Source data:
§

Lemma conj_linear_comb a f g : conj_linear f -> conj_linear g ->
  conj_linear (Defs.dadd (Defs.dscale a f) g).
Proof.
move=> [fD fZ] [gD gZ]; rewrite /Defs.dadd /Defs.dscale.
by split=> [x y|b x]; rewrite ?fD ?gD ?fZ ?gZ; ring.
Qed.

Lemma conj_linear_dsub f g : conj_linear f -> conj_linear g ->
  conj_linear (Defs.dsub f g).
Proof.
move=> [fD fZ] [gD gZ]; rewrite /Defs.dsub.
by split=> [x y|b x]; rewrite ?fD ?gD ?fZ ?gZ; ring.
Qed.

Lemma in_dual0 : in_dual (fun _ : X => 0 : R[i]).
Proof.
by split; [split=> *; rewrite ?addr0 ?mulr0 | move=> x; exact: cvg_cst].
Qed.

Lemma in_dual_comb a f g : in_dual f -> in_dual g ->
  in_dual (Defs.dadd (Defs.dscale a f) g).
Proof.
move=> [fL fC] [gL gC]; split; first exact: conj_linear_comb.
move=> x; rewrite /Defs.dadd /Defs.dscale.
by apply: cvgD; [apply: cvgM; [exact: cvg_cst | exact: fC] | exact: gC].
Qed.

Lemma dual_norm_le_apply x f M : conj_linear f -> dual_norm_le f M ->
  `|f x| <= M * (`|x| + 1).
Proof.
move=> [_ fZ] fM; have s_gt0 : 0 < `|x| + 1 := ltr_wpDl (normr_ge0 x) ltr01.
have y_le1 : `|(`|x| + 1)^-1 *: x| <= 1.
  by rewrite normrZ normfV (gtr0_norm s_gt0) ler_pdivrMl // mulr1 lerDl.
rewrite -{1}(scalerKV (lt0r_neq0 s_gt0) x) fZ -(RRe_real (gtr0_real s_gt0)).
rewrite conjc_real RRe_real ?gtr0_real // normrM (gtr0_norm s_gt0).
by rewrite [M * _]mulrC ler_pM2l //; exact: fM.
Qed.

Lemma dual_cvg_pointwise (F : nat -> X -> R[i]) f :
  (forall n, conj_linear (F n)) -> conj_linear f -> dual_cvg F f ->
  forall x, (fun n => F n x : R[i]^o) @ \oo --> (f x : R[i]^o).
Proof.
move=> FL fL Ff x; apply/cvgrPdist_le => e e_gt0.
have s_gt0 : 0 < `|x| + 1 := ltr_wpDl (normr_ge0 x) ltr01.
have [N FN] := Ff (e / (`|x| + 1)) (divr_gt0 e_gt0 s_gt0).
exists N => // n /FN Fn; rewrite distrC.
have := dual_norm_le_apply x _ _ (conj_linear_dsub _ _ (FL n) fL) Fn.
by rewrite divfK ?lt0r_neq0.
Qed.

End DualSpace.

Section SquareIntegrable.
Context {R : realType} {d : measure_display} {T : measurableType d}
  (mu : {measure set T -> \bar R}).
Implicit Types (h p q : T -> R[i]) (a : R[i]).
Local Open Scope complex_scope.

Lemma integrable_EFinZ (k : R) (f : T -> R) :
  mu.-integrable setT (EFin \o f) ->
  mu.-integrable setT (EFin \o (fun w => k * f w)).
Proof. exact: integrableZl. Qed.

Lemma integrable_EFinD (f g : T -> R) :
  mu.-integrable setT (EFin \o f) -> mu.-integrable setT (EFin \o g) ->
  mu.-integrable setT (EFin \o (fun w => f w + g w)).
Proof. exact: integrableD. Qed.

Lemma integrable_EFinB (f g : T -> R) :
  mu.-integrable setT (EFin \o f) -> mu.-integrable setT (EFin \o g) ->
  mu.-integrable setT (EFin \o (fun w => f w - g w)).
Proof. exact: integrableB. Qed.

Lemma cmeasurableD p q : cmeasurable p -> cmeasurable q ->
  cmeasurable (fun w => p w + q w).
Proof.
move=> [pRe pIm] [qRe qIm]; split.
- by under eq_fun do rewrite ReD; exact: measurable_funD.
- by under eq_fun do rewrite ImD; exact: measurable_funD.
Qed.

Lemma cmeasurableB p q : cmeasurable p -> cmeasurable q ->
  cmeasurable (fun w => p w - q w).
Proof.
move=> [pRe pIm] [qRe qIm]; split.
- by under eq_fun do rewrite ReB; exact: measurable_funB.
- by under eq_fun do rewrite ImB; exact: measurable_funB.
Qed.

Lemma cmeasurableMl a p : cmeasurable p -> cmeasurable (fun w => a * p w).
Proof.
move=> [pRe pIm]; split.
- under eq_fun do rewrite ReM.
  by apply: measurable_funB; apply: measurable_funM => //;
    exact: measurable_cst.
- under eq_fun do rewrite ImM.
  by apply: measurable_funD; apply: measurable_funM => //;
    exact: measurable_cst.
Qed.

Lemma measurable_sqnormc h : cmeasurable h ->
  measurable_fun setT (fun w => sqnormc (h w)).
Proof. by move=> [hRe hIm]; apply: measurable_funD; exact: measurable_funX. Qed.

Definition square_integrable h :=
  cmeasurable h /\ mu.-integrable setT (EFin \o (fun w => sqnormc (h w))).

Lemma square_integrableP h : cmeasurable h ->
  (\int[mu]_w (sqnormc (h w))%:E < +oo)%E -> square_integrable h.
Proof.
move=> mh h_lty; split=> //; apply/integrableP; split.
  exact/measurable_EFinP/measurable_sqnormc.
by under eq_integral do rewrite /= ger0_norm ?sqnormc_ge0 //.
Qed.

Lemma square_integrable_lty h : square_integrable h ->
  (\int[mu]_w (sqnormc (h w))%:E < +oo)%E.
Proof. by case=> _; exact: integrable_lty. Qed.

Lemma integral_sqnormcE h : square_integrable h ->
  (\int[mu]_w (sqnormc (h w))%:E)%E = (\int[mu]_w sqnormc (h w))%:E.
Proof. by case=> _ hi; rewrite /Rintegral fineK // integrable_fin_num. Qed.

Lemma square_integrableD p q : square_integrable p -> square_integrable q ->
  square_integrable (fun w => p w + q w).
Proof.
move=> [mp ip] [mq iq]; split; first exact: cmeasurableD.
apply: (@le_integrable _ _ _ mu setT measurableT _
  (EFin \o (fun w => 2 * sqnormc (p w) + 2 * sqnormc (q w)))).
- exact/measurable_EFinP/measurable_sqnormc/cmeasurableD.
- move=> w _; rewrite /= lee_fin !ger0_norm ?sqnormcD ?sqnormc_ge0 //.
  by rewrite addr_ge0 // mulr_ge0 // sqnormc_ge0.
- by apply: integrable_EFinD; exact: integrable_EFinZ.
Qed.

Lemma square_integrableMl a p : square_integrable p ->
  square_integrable (fun w => a * p w).
Proof.
move=> [mp ip]; split; first exact: cmeasurableMl.
by under eq_fun do rewrite sqnormcM; exact: integrable_EFinZ.
Qed.

Lemma square_integrableB p q : square_integrable p -> square_integrable q ->
  square_integrable (fun w => p w - q w).
Proof.
move=> sp sq; have := square_integrableD _ _ sp (square_integrableMl (-1) _ sq).
by under eq_fun do rewrite mulN1r.
Qed.

Lemma square_integrable_of_sub h g : square_integrable h ->
  square_integrable (fun w => h w - g w) -> square_integrable g.
Proof.
move=> sh shg; have := square_integrableB _ _ sh shg.
by under eq_fun do rewrite opprB addrC subrK.
Qed.

Lemma cintegrableMl a p : cintegrable mu p -> cintegrable mu (fun w => a * p w).
Proof.
move=> [pRe pIm]; split.
- under eq_fun do rewrite ReM.
  by apply: integrable_EFinB; exact: integrable_EFinZ.
- under eq_fun do rewrite ImM.
  by apply: integrable_EFinD; exact: integrable_EFinZ.
Qed.

Lemma cintegralD p q : cintegrable mu p -> cintegrable mu q ->
  cintegral mu (fun w => p w + q w) = cintegral mu p + cintegral mu q.
Proof.
move=> [pRe pIm] [qRe qIm]; rewrite /cintegral.
under eq_Rintegral do rewrite ReD.
under [X in Complex _ X]eq_Rintegral do rewrite ImD.
by rewrite !RintegralD.
Qed.

Lemma cintegralMl a p : cintegrable mu p ->
  cintegral mu (fun w => a * p w) = a * cintegral mu p.
Proof.
move=> [pRe pIm]; rewrite /cintegral.
under eq_Rintegral do rewrite ReM.
under [X in Complex _ X]eq_Rintegral do rewrite ImM.
rewrite RintegralB ?RintegralD ?RintegralZl //; try exact: integrable_EFinZ.
by case: a.
Qed.

Lemma cintegrable_mulJ h1 h2 : square_integrable h1 -> square_integrable h2 ->
  cintegrable mu (fun w => h1 w * (h2 w)^*).
Proof.
move=> [[h1Re h1Im] i1] [[h2Re h2Im] i2].
have bound (f : T -> R) : measurable_fun setT f ->
    (forall w, `|f w| <= sqnormc (h1 w) + sqnormc (h2 w)) ->
    mu.-integrable setT (EFin \o f).
  move=> mf fb; apply: (@le_integrable _ _ _ mu setT measurableT _
    (EFin \o (fun w => sqnormc (h1 w) + sqnormc (h2 w)))).
  - exact/measurable_EFinP.
  - move=> w _; rewrite /= lee_fin [leRHS]ger0_norm ?fb //.
    by rewrite addr_ge0 // sqnormc_ge0.
  - exact: integrable_EFinD.
split; apply: bound => [|w]; rewrite ?normr_ReMJ_le ?normr_ImMJ_le //.
- under eq_fun do rewrite ReMJ.
  by apply: measurable_funD; exact: measurable_funM.
- under eq_fun do rewrite ImMJ.
  by apply: measurable_funB; exact: measurable_funM.
Qed.

Lemma cintegral_mulJ h :
  cintegral mu (fun w => h w * (h w)^*) = (\int[mu]_w sqnormc (h w))%:C.
Proof.
rewrite /cintegral; under eq_Rintegral do rewrite mulcJ.
under [X in Complex _ X]eq_Rintegral do rewrite mulcJ /=.
by rewrite Rintegral_cst // mul0r.
Qed.

Lemma cintegral_mulJ_ge0 h : 0 <= cintegral mu (fun w => h w * (h w)^*).
Proof.
by rewrite cintegral_mulJ ler0c Rintegral_ge0 // => w _; exact: sqnormc_ge0.
Qed.

Lemma le_normc_cintegral_mulJ h (e : R) : square_integrable h ->
  (`|cintegral mu (fun w => h w * (h w)^*)| <= e%:C) =
  (\int[mu]_w (sqnormc (h w))%:E <= e%:E)%E.
Proof.
move=> sh; rewrite ger0_norm ?cintegral_mulJ_ge0 //.
by rewrite cintegral_mulJ lecR integral_sqnormcE // lee_fin.
Qed.
Definition circumradius (x y z : point) : Rbar :=
  let c := vnorm (vcross (vsub y x) (vsub z x)) in
  if Req_EM_T c 0 then p_infty
  else Finite (vdist x y * vdist y z * vdist z x / (2 * c)).

Definition thickness (n : nat) (g : nat -> R -> point) : Rbar :=
  Glb_Rbar (fun r : R => exists x y z,
     on_link n g x /\ on_link n g y /\ on_link n g z /\
     x <> y /\ y <> z /\ x <> z /\ circumradius x y z = Finite r).
(* Note: Glb_Rbar over reals; collinear triples contribute +oo, which does
   not affect the infimum (and the infimum is +oo if all are collinear). *)

Fixpoint psum (h : nat -> R) (k : nat) : R :=
  match k with O => 0 | S k' => psum h k' + h k' end.

Definition polygon_length (f : R -> point) (a b : R) (v : R) : Prop :=
  exists (k : nat) (p : nat -> R),
    p O = a /\ p k = b /\ (forall j, (j < k)%nat -> p j <= p (S j)) /\
    v = psum (fun j => vdist (f (p j)) (f (p (S j)))) k.

Definition arclength (f : R -> point) (a b : R) : Rbar :=
  Lub_Rbar (polygon_length f a b).

(** Shorter arclength distance between the points with parameters s,t in [0,1)
    of the closed curve f (1-periodic). *)
Definition arc_dist (f : R -> point) (s t : R) : Rbar :=
  Rbar_min (arclength f (Rmin s t) (Rmax s t))
           (arclength f (Rmax s t) (Rmin s t + 1)).

(** Secant map S(x,y) = +-(x-y)/|x-y| in RP^2 (a unit lift), and the
    RP^2 distance sin(theta), theta the angle between lifts. *)
Definition secant (x y : point) : point := vscale (/ vdist x y) (vsub x y).
Definition rp2_dist (u v : point) : R := sin (acos (vdot u v)).

(** C^{1,1} with respect to a constant-speed parametrization, for component i. *)
Definition component_C11 (f : R -> point) : Prop :=
  exists (c c' : R -> point),
    (forall t, c (t + 1) = c t) /\
    (forall s t, 0 <= s < 1 -> 0 <= t < 1 -> c s = c t -> s = t) /\
    (forall x, (exists s, x = f s) <-> (exists t, x = c t)) /\
    (forall t, is_derive (fun u => px (c u)) t (px (c' t)) /\
               is_derive (fun u => py (c u)) t (py (c' t)) /\
               is_derive (fun u => pz (c u)) t (pz (c' t))) /\
    (exists v, forall t, vnorm (c' t) = v) /\
    (exists K, forall s t, vdist (c' s) (c' t) <= K * Rabs (s - t)).
(* Let $\varepsilon_+(C,C_D)$ and $\lambda_+(C_D)$ be as defined in the context. Then: (i) If $B>1+\beta+\delta$: $\lambda_+(C_D)>0$ for every $C_D>0$, and $\varepsilon_+(C,C_D)>0$ for every $(C,C_D)\in[0,\infty)^2\setminus\{(0,0)\}$; thus every equilibrium $(0,0,C_D,0,0,D)$ with $C_D>0$ and every equilibrium $(C,0,C_D,0,0,0)$ with $(C,C_D)\ne(0,0)$ has a positive real Jacobian eigenvalue (is unstable). (ii) If $1+\beta<B<1+\beta+\delta$: $\lambda_+(C_D)<0$ for every $C_D>0$; and for $C,C_D\ge0$ with $C_D>0$, $\varepsilon_+(C,C_D)<0$ if $$\frac{C}{C_D}<\frac{1-\frac{B}{1+\beta+\delta}}{\frac{B}{1+\beta}-1},$$ while $\varepsilon_+(C,C_D)>0$ if the reverse strict inequality holds (and $\varepsilon_+(C,0)>0$ for $C>0$). (iii) If $0<B<1+\beta$: $\lambda_+(C_D)<0$ for every $C_D>0$ and $\varepsilon_+(C,C_D)<0$ for every $(C,C_D)\in[0,\infty)^2\setminus\{(0,0)\}$. In all cases, at every point of $\{(0,0,0,0,V,D):V,D\ge0,(V,D)\ne(0,0)\}$ all Jacobian eigenvalues are non-positive.
   Context: Consider the autonomous system of ODEs in the state variables $(C,C_V,C_D,C_{DV},V,D)\in\mathbb{R}^6$: $\dot C=-\iota C(V+D)$, $\dot C_V=\iota CV-C_V(\iota D+\alpha)$, $\dot C_D=\iota(CD-C_DV)$, $\dot C_{DV}=\iota(C_DV+C_VD)-\alpha C_{DV}$, $\dot V=\alpha\eta\left(C_V+\frac{C_{DV}}{\kappa}\right)-\iota V(C+C_D)$, $\dot D=\alpha\beta\eta\left(C_V+\frac{C_{DV}}{\kappa}\right)+\alpha\delta\eta\frac{C_{DV}}{\kappa}-\iota D(C+C_V)$, where $B>0$, $\beta\in[0,1]$, $\delta>1$, $\iota>0$, $\alpha>0$, $\eta=\frac{B}{1+\beta}$, $\kappa=1+\frac{\delta}{1+\beta}$. Define $\varepsilon_+(C,C_D)=-\frac{\iota(C+C_D)+\alpha}{2}+\frac12\sqrt{4\alpha C\eta\iota+(\iota(C+C_D)-\alpha)^2+\frac{4\alpha C_D\eta\iota}{\kappa}}$ (the largest non-trivial Jacobian eigenvalue at the equilibrium $(C,0,C_D,0,0,0)$) and $\lambda_+(C_D)=-\frac{\iota C_D+\alpha}{2}+\frac12\sqrt{(\iota C_D-\alpha)^2+\frac{4\alpha C_D\eta\iota}{\kappa}}$ (the largest non-trivial Jacobian eigenvalue at the equilibrium $(0,0,C_D,0,0,D)$). *)

From mathcomp Require Import all_boot all_order all_algebra.
From mathcomp Require Import all_classical all_reals all_analysis.
From mathcomp Require Import complex.
Set Implicit Arguments. Unset Strict Implicit. Unset Printing Implicit Defensive.
Import Order.TTheory GRing.Theory Num.Theory.
Local Open Scope ring_scope.
Lemma ctrans_integrable (phi : T1 -> R) : continuous phi ->
  nu.-integrable setT (EFin \o ctrans c phi).
Proof.
move=> cphi; apply: bounded_integrable; first exact: finite_measure_lty.
  exact: measurable_ctrans.
exact: ctrans_bounded.
Qed.

Lemma dual_valueE (mu : {finite_measure set (Borel T1) -> \bar R}) (phi : T1 -> R) :
  continuous phi ->
  (\int[mu]_x (phi x)%:E - \int[nu]_y (ctrans c phi y)%:E)%E = (dual_value mu phi)%:E.
Proof.
by move=> cphi; rewrite !EFin_Rintegral ?continuous_integrable ?ctrans_integrable.
Qed.

Lemma weak_duality (mu : {finite_measure set (Borel T1) -> \bar R}) (phi : T1 -> R) :
  continuous phi -> ((dual_value mu phi)%:E <= ot_cost c mu nu)%E.
Proof.
move=> cphi; rewrite -dual_valueE //.
apply: le_ereal_inf_tmp => _ [pi [pi_mu pi_nu] <-].
have pi_fin : (pi setT < +oo)%E by rewrite -setXTT pi_mu //; exact: finite_measure_lty.
have [A phiA] := continuous_compact_bounded cT1 cphi.
have [B phicB] := ctrans_bounded cT1 cT2 hc cphi.
have int_fst : pi.-integrable setT ((EFin \o phi) \o fst).
  apply: bounded_integrable => //; last by exists A => z; exact: phiA.
  exact: measurableT_comp (continuous_measurable_Borel cphi) measurable_fst.
have int_snd : pi.-integrable setT ((EFin \o ctrans c phi) \o snd).
  apply: bounded_integrable => //; last by exists B => z; exact: phicB.
  exact: measurableT_comp (measurable_ctrans cT1 cT2 hc cphi) measurable_snd.
have E_fst : (\int[pi]_z (phi z.1)%:E = \int[mu]_x (phi x)%:E)%E.
  apply: integral_image_measure measurable_fst _ _ int_fst.
    by move=> S mS; rewrite -setXT pi_mu.
  by apply/measurable_EFinP; exact: continuous_measurable_Borel.
have E_snd : (\int[pi]_z (ctrans c phi z.2)%:E = \int[nu]_y (ctrans c phi y)%:E)%E.
  apply: integral_image_measure measurable_snd _ _ int_snd.
    by move=> S mS; rewrite -setTX pi_nu.
  by apply/measurable_EFinP; exact: measurable_ctrans.
rewrite -E_fst -E_snd -integralB_EFin //.
(* [c] need not be measurable for the product of the Borel sigma-algebras. *)
apply: le_integral_pointwise => -[x y] /=.
by rewrite lee_fin lerBlDl addrC -lerBlDl ctrans_ge.
Qed.
(* Let $a,x,y$ be integers. (i) For $\beta=[1,3]^{3a}\sigma_1^x\sigma_2^y$, $$V^*_{\widehat\beta}=\epsilon_{x+y}(1+t^2)+t^{3a}\,\frac{t^{x+y+2}+\epsilon_x G t^{y+1}+\epsilon_y G t^{x+1}+\epsilon_{x+y}t^2}{(1+t)^2} =\epsilon_{x+y}(1+t^2)+t^{3a+2}\{\epsilon_{x+y+1}+\epsilon_y A_{x-1}+\epsilon_x A_{y-1}+t^2A_{x-1}A_{y-1}\}.$$ (ii) For $\beta=[1,3]^{3a+1}\sigma_1^x\sigma_2^y$, one has $\beta$ conjugate to $[1,3]^{3a}\sigma_1^{x+y+1}\sigma_2$, and $$V^*_{\widehat\beta}=\epsilon_{x+y}(1+t^2)-t^{3a+3}\,\frac{t^{x+y-1}+\epsilon_{x+y}}{1+t}=\epsilon_{x+y}(1+t^2)-t^{3a+3}A_{x+y-1}.$$ (iii) For $\beta=[1,3]^{3a+2}\sigma_1^x\sigma_2^y$, one has $\beta$ conjugate to $[1,3]^{3a+3}\sigma_1^{x-1}\sigma_2^{y-1}$, and $$V^*_{\widehat\beta}=\epsilon_{x+y}(1+t^2)+t^{3a+3}\,\frac{t^{x+y}+\epsilon_{x-1}Gt^{y}+\epsilon_{y-1}Gt^{x}+\epsilon_{x+y}t^2}{(1+t)^2}.$$
   Context: $B_3$ is the 3-strand braid group with generators $\sigma_1,\sigma_2$; $\widehat\beta$ is the closure; $[1,3]=\sigma_1\sigma_2$; $w(\beta)$ is the exponent sum of $\beta$. $V_L(t)$ is the Jones polynomial (unknot $=1$, $t^{-1}V_{L_+}-tV_{L_-}=(t^{1/2}-t^{-1/2})V_{L_0}$, $\sigma_i$ a positive crossing). For $\beta\in B_3$, $V^*_{\widehat\beta}$ is defined by $V_{\widehat\beta}(t)=t^{(w(\beta)-2)/2}V^*_{\widehat\beta}(t)$. Notation: $\epsilon_x=(-1)^x$, $G=1+t+t^2$, and for any integer $w$, $A_w=A_w(t)=(t^w+\epsilon_{w-1})/(t+1)$ (a Laurent polynomial; for $w>0$, $A_w=\sum_{j=0}^{w-1}\epsilon_j t^{w-1-j}$, and $A_0=0$). *)

From mathcomp Require Import all_boot all_order all_algebra.
Set Implicit Arguments. Unset Strict Implicit. Unset Printing Implicit Defensive.
Import Order.TTheory GRing.Theory Num.Theory.
Local Open Scope ring_scope.

Inductive gen3 := s1 | s2.

(* a letter is a generator with a sign: (g, true) = sigma_g, (g, false) = sigma_g^-1 *)
Definition letter := (gen3 * bool)%type.
Definition word := seq letter.

Definition winv (w : word) : word := [seq (l.1, ~~ l.2) | l <- rev w].

(* equality in B_3 = < s1, s2 | s1 s2 s1 = s2 s1 s2 > : the congruence on words
   generated by free cancellation and the braid relation *)
Inductive beq : word -> word -> Prop :=
| beq_refl w : beq w w
| beq_sym u v : beq u v -> beq v u
| beq_trans u v w : beq u v -> beq v w -> beq u w
| beq_ctx p q u v : beq u v -> beq (p ++ u ++ q) (p ++ v ++ q)
| beq_cancel g b : beq [:: (g, b); (g, ~~ b)] [::]
| beq_braid : beq [:: (s1, true); (s2, true); (s1, true)]
                  [:: (s2, true); (s1, true); (s2, true)].

Definition bconj (u v : word) : Prop := exists g : word, beq (g ++ u ++ winv g) v.

Definition wpow (w : word) (n : int) : word :=
  match n with
  | Posz k => flatten (nseq k w)
  | Negz k => flatten (nseq k.+1 (winv w))
  end.
Definition gpow (g : gen3) (n : int) : word := wpow [:: (g, true)] n.

Definition delta13 : word := [:: (s1, true); (s2, true)].

Definition beta (k x y : int) : word := wpow delta13 k ++ gpow s1 x ++ gpow s2 y.

Definition writhe (w : word) : int := \sum_(l <- w) (if l.2 then 1 else -1).

(** * Kauffman bracket of the closure (state sum), via Temperley-Lieb diagrams
      on 3 strands: 1, e1, e2, e1e2, e2e1 *)
Inductive tl3 := T1 | Te1 | Te2 | Te12 | Te21.

(* right multiplication of a diagram by e_g: (number of closed loops created, result) *)
Definition tl_mul (D : tl3) (g : gen3) : nat * tl3 :=
  match g, D with
  | s1, T1 => (0, Te1)   | s1, Te1 => (1, Te1)  | s1, Te2 => (0, Te21)
  | s1, Te12 => (0, Te1) | s1, Te21 => (1, Te21)
  | s2, T1 => (0, Te2)   | s2, Te1 => (0, Te12) | s2, Te2 => (1, Te2)
  | s2, Te12 => (1, Te12) | s2, Te21 => (0, Te2)
  end%N.

Definition tl_closure_loops (D : tl3) : nat :=
  match D with T1 => 3 | Te1 => 2 | Te2 => 2 | Te12 => 1 | Te21 => 1 end%N.

(* all states (choices of smoothing, true = A-smoothing) of n crossings *)
Fixpoint all_states (n : nat) : seq (seq bool) :=
  match n with
  | 0 => [:: [::]]
  | n.+1 => [seq b :: s | b <- [:: true; false], s <- all_states n]
  end.

(* A-smoothing of a positive crossing sigma_g is the identity, its B-smoothing is e_g;
   for a negative crossing it is the opposite. *)
Fixpoint resolve (w : word) (s : seq bool) (acc : nat * tl3) : nat * tl3 :=
  match w, s with
  | l :: w', c :: s' =>
      let acc' := if c != l.2 then
                    let p := tl_mul acc.2 l.1 in (acc.1 + p.1, p.2)%N
                  else acc in
      resolve w' s' acc'
  | _, _ => acc
  end.

Definition state_loops (w : word) (s : seq bool) : nat :=
  let p := resolve w s (0%N, T1) in (p.1 + tl_closure_loops p.2)%N.

Definition state_exp (s : seq bool) : int := \sum_(c <- s) (if c then 1 else -1).

(* Kauffman bracket <closure of w>, normalized with <O> = 1, d = -A^2 - A^-2 *)
Definition bracket (R : unitRingType) (A : R) (w : word) : R :=
  \sum_(s <- all_states (size w))
     A ^ state_exp s * (- A ^+ 2 - A ^- 2) ^+ (state_loops w s).-1.

(* Jones polynomial of the closure, written in the variable A with t = A^-4
   (so t^(1/2) = A^-2):  V = (-A^3)^(-w) <D>. *)
Definition jonesA (R : unitRingType) (A : R) (w : word) : R :=
  (- A ^+ 3) ^ (- writhe w) * bracket A w.

(* V*: V = t^((w-2)/2) V*, i.e. V* = (t^(1/2))^(-(w-2)) V = A^(2(w-2)) V *)
Definition Vstar (R : unitRingType) (A : R) (w : word) : R :=
  A ^ (2 * (writhe w - 2)) * jonesA A w.

Definition eps (R : unitRingType) (x : int) : R := (-1) ^ x.
Definition Gt (R : ringType) (t : R) : R := 1 + t + t ^+ 2.
Definition Aw (R : fieldType) (t : R) (w : int) : R := (t ^ w + eps R (w - 1)) / (t + 1).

§

■ THE TASK ■
A word-for-word copy of the entries, from the first line through the line containing "Lemma in_dual_comb a", is the whole answer.

■ FINISHED TASK ■
Lemma conj_linear_comb a f g : conj_linear f -> conj_linear g ->
  conj_linear (Defs.dadd (Defs.dscale a f) g).
Proof.
move=> [fD fZ] [gD gZ]; rewrite /Defs.dadd /Defs.dscale.
by split=> [x y|b x]; rewrite ?fD ?gD ?fZ ?gZ; ring.
Qed.

Lemma conj_linear_dsub f g : conj_linear f -> conj_linear g ->
  conj_linear (Defs.dsub f g).
Proof.
move=> [fD fZ] [gD gZ]; rewrite /Defs.dsub.
by split=> [x y|b x]; rewrite ?fD ?gD ?fZ ?gZ; ring.
Qed.

Lemma in_dual0 : in_dual (fun _ : X => 0 : R[i]).
Proof.
by split; [split=> *; rewrite ?addr0 ?mulr0 | move=> x; exact: cvg_cst].
Qed.

Lemma in_dual_comb a f g : in_dual f -> in_dual g ->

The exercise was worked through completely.